(* Let $(G,\mathcal{C})$ be a 2-colored graph, $G=(V,E)$, and $l,u:E\to\mathbb{N}$ with $l\le u$. Suppose $f\in\mathcal{A}(G,\mathcal{C})\cap\mathbb{N}^E$ is infeasible, but $\mathcal{A}(G,\mathcal{C})\cap\mathbb{N}^E$ contains a feasible vector. Then for each $e\in E$: (i) if $f(e)<l(e)$, then $G(f)$ has a CAT through $e_1$; (ii) if $f(e)>u(e)$, then $G(f)$ has a CAT through $e_3$.
   Context: Graphs are finite, undirected, may have parallel edges but no loops; $\mathcal{C}:E\to\{R,B\}$ is a red/blue coloring. The alternating cone $\mathcal{A}(G,\mathcal{C})\subseteq\mathbb{R}^E$ consists of $x\ge0$ with, at every vertex, the sum of $x$ over incident red edges equal to the sum over incident blue edges. A vector $f\in\mathcal{A}(G,\mathcal{C})$ is feasible if $l(e)\le f(e)\le u(e)$ for all $e$, infeasible otherwise. The residual 2-colored graph $G(f)=(V,E(f))$ of $f\in\mathcal{A}(G,\mathcal{C})\cap\mathbb{N}^E$ w.r.t. $l,u$: take four disjoint copies $e_1,e_2,e_3,e_4$ of each $e\in E$ (each with the same endpoints as $e$); $e_1\in E(f)$ with color $\mathcal{C}(e)$ iff $f(e)\le u(e)-1$; $e_2\in E(f)$ with color $\mathcal{C}(e)$ iff $f(e)\le u(e)-2$; $e_3\in E(f)$ with the color opposite to $\mathcal{C}(e)$ iff $f(e)\ge l(e)+1$; $e_4\in E(f)$ with the color opposite to $\mathcal{C}(e)$ iff $f(e)\ge l(e)+2$. A CAT (closed alternating trail) is a walk $(v_0,a_1,v_1,\dots,a_m,v_m)$ with $v_0=v_m$, distinct edges $a_1,\dots,a_m$, consecutive edges of different colors, and $a_m$, $a_1$ of different colors; it is through an edge if that edge is among the $a_j$. *)

From mathcomp Require Import all_boot.
Set Implicit Arguments. Unset Strict Implicit. Unset Printing Implicit Defensive.

Section Defs.
Variables (V E : finType) (ends : E -> V * V) (col : E -> bool).
(* col e = true means e is red, false means blue. *)

Definition joins (p : V * V) (u v : V) : bool :=
  ((p.1 == u) && (p.2 == v)) || ((p.1 == v) && (p.2 == u)).

Definition incident (e : E) (v : V) : bool := (v == (ends e).1) || (v == (ends e).2).

Definition alternating (f : E -> nat) : Prop :=
  forall v : V, \sum_(e | incident e v && col e) f e
              = \sum_(e | incident e v && ~~ col e) f e.

Definition feasible (l u f : E -> nat) : Prop := forall e, l e <= f e <= u e.
End Defs.

(* A CAT in a 2-colored multigraph with edge type F, endpoint map endsF,
   edge-presence predicate present and coloring colF: the walk
   (v0, a1, v1, ..., am, vm) is encoded as v0 and s = [:: (a1,v1); ...; (am,vm)]. *)
Definition is_CAT (V F : finType) (endsF : F -> V * V) (present : pred F)
    (colF : F -> bool) (v0 : V) (s : seq (F * V)) : bool :=
  if s is p1 :: _ then
    [&& last v0 (map snd s) == v0,
        uniq (map fst s),
        all (fun p => present p.1) s,
        all (fun q => joins (endsF q.2.1) q.1 q.2.2) (zip (v0 :: map snd s) s),
        sorted (fun a b => colF a != colF b) (map fst s) &
        colF (last p1.1 (map fst s)) != colF p1.1]
  else false.

(* Residual 2-colored graph G(f): edge (e, i) with i : 'I_4 is the copy e_{i+1}. *)
Section Residual.
Variables (V E : finType) (ends : E -> V * V) (col : E -> bool) (l u f : E -> nat).

Definition res_ends (x : E * 'I_4) : V * V := ends x.1.

Definition res_present (x : E * 'I_4) : bool :=
  let e := x.1 in
  match val x.2 with
  | 0 => f e + 1 <= u e
  | 1 => f e + 2 <= u e
  | 2 => l e + 1 <= f e
  | _ => l e + 2 <= f e
  end.

Definition res_col (x : E * 'I_4) : bool :=
  if val x.2 < 2 then col x.1 else ~~ col x.1.

Definition res_CAT_through (x : E * 'I_4) : Prop :=
  exists (v0 : V) (s : seq ((E * 'I_4) * V)),
    is_CAT res_ends res_present res_col v0 s && (x \in map fst s).
End Residual.

From mathcomp Require Import all_boot zify.

Set Implicit Arguments.
Unset Strict Implicit.
Unset Printing Implicit Defensive.

(* Fix a feasible g in the cone and give each edge b multiplicity |g b - f b|,
   with the colour of b if f b < g b and the opposite colour otherwise.  Since f
   and g are both balanced, so is this multigraph.  In a balanced 2-coloured
   multigraph, an alternating trail that has not closed up can always be
   extended at its endpoint, so any edge of positive multiplicity lies on a
   closed alternating trail.  If the trail passes twice through the same edge in
   the same direction, it splits into two shorter closed alternating trails, one
   of which still contains the given edge; so we may assume each edge is
   traversed at most once in each direction.  Sending the first direction used
   on each edge to its copy e_1 (or e_3 when f b > g b) and the other one to
   e_2 (or e_4) maps the trail to a CAT of G(f); these copies are present
   because l <= g <= u.  Finally f e < l e <= g e, resp. g e <= u e < f e, so e
   has positive multiplicity and is mapped to e_1, resp. e_3. *)

Lemma sum_nat_eqb (T : finType) (P : pred T) (b : T) :
  \sum_(i | P i) (b == i : nat) = P b.
Proof.
case Pb: (P b); last first.
  by rewrite big1 // => i Pi; case: eqP => // bi; rewrite bi Pi in Pb.
rewrite (bigD1 b) //= eqxx big1 // => i /andP[_].
by rewrite eq_sym => /negPf ->.
Qed.

Lemma sum_count_mem (T : finType) (s : seq T) :
  \sum_(b : T) count_mem b s = size s.
Proof.
elim: s => [|a s IH] /=; first by rewrite big1.
by rewrite big_split /= sum_nat_eqb IH add1n.
Qed.

Lemma not_uniq_split (T : eqType) (s : seq T) :
  ~~ uniq s -> exists z P Q R, s = P ++ z :: Q ++ z :: R.
Proof.
elim: s => [|h s IH] //=; rewrite negb_and negbK.
case/orP => [/splitPr[Q R] | /IH[z [P [Q [R ->]]]]].
  by exists h, [::], Q, R.
by exists z, (h :: P), Q, R.
Qed.

Section Walks.
Variables (V E : finType) (ends : E -> V * V).

Fixpoint walk (v : V) (s : seq (E * V)) : bool :=
  if s is p :: s' then joins (ends p.1) v p.2 && walk p.2 s' else true.

Lemma walk_cat v s1 s2 :
  walk v (s1 ++ s2) = walk v s1 && walk (last v (map snd s1)) s2.
Proof. by elim: s1 v => [|p s1 IH] v //=; rewrite IH andbA. Qed.

Lemma walk_rcons v s p :
  walk v (rcons s p) = walk v s && joins (ends p.1) (last v (map snd s)) p.2.
Proof. by rewrite -cats1 walk_cat /= andbT. Qed.

Lemma walk_zipE v s :
  walk v s = all (fun q => joins (ends q.2.1) q.1 q.2.2) (zip (v :: map snd s) s).
Proof. by elim: s v => [|p s IH] v //=; rewrite IH. Qed.

Lemma joins_incident b v z : joins (ends b) v z -> incident ends b z.
Proof. by case/orP => /andP[/eqP e1 /eqP e2]; rewrite /incident -?e1 -?e2 eqxx ?orbT. Qed.

Lemma walk_incident v s p : walk v s -> p \in s -> incident ends p.1 p.2.
Proof.
elim: s v => [|q s IH] v //= /andP[vq qs]; rewrite inE => /orP[/eqP -> | ps].
  exact: joins_incident vq.
exact: IH qs ps.
Qed.

Hypothesis noloop : forall b, (ends b).1 != (ends b).2.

» WORK INSTRUCTION
Copy the lines of the data above exactly as written, beginning with the line containing "[&& last v0" and ending with the line containing "exists (v0 : V)", and leave out all other lines.

» RESPONSE TO THE EXERCISE
    [&& last v0 (map snd s) == v0,
        uniq (map fst s),
        all (fun p => present p.1) s,
        all (fun q => joins (endsF q.2.1) q.1 q.2.2) (zip (v0 :: map snd s) s),
        sorted (fun a b => colF a != colF b) (map fst s) &
        colF (last p1.1 (map fst s)) != colF p1.1]
  else false.

(* Residual 2-colored graph G(f): edge (e, i) with i : 'I_4 is the copy e_{i+1}. *)
Section Residual.
Variables (V E : finType) (ends : E -> V * V) (col : E -> bool) (l u f : E -> nat).

Definition res_ends (x : E * 'I_4) : V * V := ends x.1.

Definition res_present (x : E * 'I_4) : bool :=
  let e := x.1 in
  match val x.2 with
  | 0 => f e + 1 <= u e
  | 1 => f e + 2 <= u e
  | 2 => l e + 1 <= f e
  | _ => l e + 2 <= f e
  end.

Definition res_col (x : E * 'I_4) : bool :=
  if val x.2 < 2 then col x.1 else ~~ col x.1.

Definition res_CAT_through (x : E * 'I_4) : Prop :=
  exists (v0 : V) (s : seq ((E * 'I_4) * V)),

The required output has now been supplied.